Transcranial magnetic stimulation and magnetic resonance spectroscopy: Opportunities for a bimodal approach in human neuroscience

Over the last decade, there has been an increasing number of studies combining transcranial magnetic stimulation (TMS) and magnetic resonance spectroscopy (MRS). MRS provides a manner to non-invasively investigate molecular concentrations in the living brain and thus identify metabolites involved in physiological and pathological processes.

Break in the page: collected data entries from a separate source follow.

(* Let $P=(U,R)$ be a partial order with $U=\{u_1,\dots,u_n\}$, let $V=\{v_1,\dots,v_n\}$, and let $E_0=\{u_iv_i: 1\le i\le n\}$. The following are equivalent: (a) $P=P_1\cap P_2$ for some linear order $P_1$ and some interval order $P_2$ on $U$; (b) there exist two partial orders $P_1,P_2$ on $U$ such that $\widehat{C}(P)=\widehat{NC}(P_1)\cup\widehat{C}(P_2)$ and both $\widehat{NC}(P_1)$ and $\widehat{C}(P_2)$ are chain graphs; (c) $\widehat{C}(P)$ is linear-interval coverable, i.e. $\widehat{C}(P)=G_1\cup G_2$ for two chain graphs $G_1=(U,V,E_1)$ and $G_2=(U,V,E_2)$ with $E_0\subseteq E_2\setminus E_1$.
   Context: For a partial order $Q$ on $U=\{u_1,\dots,u_n\}$ and a disjoint copy $V=\{v_1,\dots,v_n\}$: the domination bipartite graph $C(Q)=(U,V,E)$ has $u_iv_j\in E$ iff $u_i<_Q u_j$; the bipartite graph $NC(Q)=(U,V,E')$ has $u_iv_j\in E'$ iff $u_i\le_Q u_j$ (i.e. $u_i<_Q u_j$ or $i=j$). For a bipartite graph $B=(U,V,F)$, its bipartite complement is $\widehat{B}=(U,V,\widehat F)$ where, for $u\in U,v\in V$, $uv\in\widehat F$ iff $uv\notin F$. For graphs on the same vertex set, $G_1\cup G_2$ denotes the graph with the union of the edge sets. A bipartite graph $(U,V,F)$ is a chain graph if for any two vertices in the same color class one neighborhood contains the other. A linear order is a partial order in which any two distinct elements are comparable; an interval order is a partial order whose elements can be assigned real intervals $I_x$ so that $x<y$ iff $I_x$ lies entirely to the left of $I_y$; $P_1\cap P_2$ is the order whose relation is the intersection of the relations. *)

From Stdlib Require Import Reals.
From mathcomp Require Import all_boot.
Set Implicit Arguments. Unset Strict Implicit. Unset Printing Implicit Defensive.
Lemma inv_par_reindex n p u v : is_perm n p ->
  inv_par n (fun i => u (p i)) (fun i => v (p i)) = inv_par n u v.
Proof. intros Hp. apply (xsum2_reindex n p (discord u v) Hp). Qed.

(** [inv_par n c (fun i => c (p i))] is the signature of [p], whatever the injective
    labelling [c]. *)
Lemma inv_par_relabel n c d p : inj_below n c -> inj_below n d -> is_perm n p ->
  inv_par n c (fun i => c (p i)) = inv_par n d (fun i => d (p i)).
Proof.
  intros Hc Hd Hp.
  assert (Hcp := inj_below_comp n c p Hc Hp). assert (Hdp := inj_below_comp n d p Hd Hp).
  rewrite (inv_par_trans n c d (fun i => c (p i))),
    (inv_par_trans n d (fun i => d (p i)) (fun i => c (p i))) by assumption.
  rewrite (inv_par_reindex n p d c Hp), (inv_par_sym n d c).
  destruct (inv_par n c d), (inv_par n d (fun i => d (p i))); reflexivity.
Qed.

Lemma inv_par_snoc n p u v y : is_perm n p ->
  (forall i, (i < n)%nat -> v i = u (p i)) ->
  (forall i, (i < n)%nat -> y <> u i) ->
  (forall i, (i < n)%nat -> y <> v i) ->
  inv_par (S n) (snoc n u y) (snoc n v y) = inv_par n u v.
Proof.
  intros Hp Hv Hu1 Hv1. unfold inv_par. rewrite xsum2_S.
  assert (E1 : xsum2 n (discord (snoc n u y) (snoc n v y)) = xsum2 n (discord u v)).
  { apply xsum2_ext. intros i j Hi Hj. unfold discord, snoc.
    destruct (Nat.ltb_spec i n), (Nat.ltb_spec j n); try lia. reflexivity. }
  assert (E2 : discord (snoc n u y) (snoc n v y) n n = false).
  { unfold discord. destruct (Rlt_dec _ _); auto. lra. }
  rewrite E1, E2, xorb_false_r.
  (* [(i, n)] or [(n, i)] is discordant iff exactly one of [u i], [v i] is below [y];
     both counts agree since [v] permutes the values of [u]. *)
  rewrite (xsum_ext_in _ _ (fun i => xorb (Rltb (u i) y) (Rltb (v i) y))).
  - rewrite xsum_xorb, (xsum_ext_in _ (fun i => Rltb (v i) y) (fun i => Rltb (u (p i)) y)).
    + rewrite (xsum_reindex n p (fun i => Rltb (u i) y)) by auto.
      now rewrite xorb_nilpotent, xorb_false_r.
    + intros i Hi. apply in_seq in Hi. rewrite Hv; auto; lia.
  - intros i Hi. apply in_seq in Hi. unfold discord, snoc, Rltb.
    rewrite Nat.ltb_irrefl. destruct (Nat.ltb_spec i n); try lia.
    specialize (Hu1 i ltac:(lia)). specialize (Hv1 i ltac:(lia)).
    destruct (Rlt_dec (u i) y), (Rlt_dec y (v i)), (Rlt_dec y (u i)), (Rlt_dec (v i) y);
      simpl; auto; lra.
Qed.

Lemma inv_par_insert_at n k p u v y : (k <= n)%nat -> is_perm n p ->
  (forall i, (i < n)%nat -> v i = u (p i)) ->
  (forall i, (i < n)%nat -> y <> u i) ->
  (forall i, (i < n)%nat -> y <> v i) ->
  inv_par (S n) (insert_at k u y) (insert_at k v y) = inv_par n u v.
Proof.
  intros Hk Hp Hv Hu1 Hv1.
  rewrite <- (inv_par_reindex (S n) (shift_perm n k)) by now apply shift_perm_is_perm.
  rewrite <- (inv_par_snoc n p u v y); auto.
  apply xsum2_ext. intros i j Hi Hj. unfold discord. rewrite !insert_at_shift_perm by lia.
  reflexivity.
Qed.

Particularly the MRS-detectable metabolites glutamate, the major excitatory neurotransmitter, and gamma-aminobutyric acid (GABA), the major inhibitory neurotransmitter, are of interest when combining TMS and MRS. TMS is a non-invasive brain stimulation technique that can be applied either as a neuromodulation or neurostimulation tool, specifically targeting glutamatergic and GABAergic mechanisms. The combination of TMS and MRS can be used to evaluate alterations in brain metabolite levels following an interventional TMS protocol such as repetitive TMS (rTMS) or paired associative stimulation (PAS). MRS can also be combined with a variety of non-interventional TMS protocols to identify the interplay between brain metabolite levels and measures of excitability or receptor-mediated inhibition and facilitation. In this review, we provide an overview of studies performed in healthy and patient populations combining MRS and TMS, both as a measurement tool and as an intervention. TMS and MRS may reveal complementary and comprehensive information on glutamatergic and GABAergic neurotransmission. Potentially, connectivity changes and dedicated network interactions can be probed using the combined TMS-MRS approach. Considering the ongoing technical developments in both fields, combined studies hold future promise for investigations of brain network interactions and neurotransmission.Y

Automated summary

The combination of TMS and MRS is an effective way to study changes in molecular concentrations and neurotransmitter-related metabolites in the brain, particularly for neurotransmitters such as glutamate and GABA. This approach can evaluate alterations in brain metabolites following interventional TMS protocols, and also identify interactions between metabolite levels and measures of excitability or receptor-mediated inhibition and facilitation. TMS and MRS together provide comprehensive information on glutamatergic and GABAergic neurotransmission and hold promise for studying brain network interactions and neurotransmission.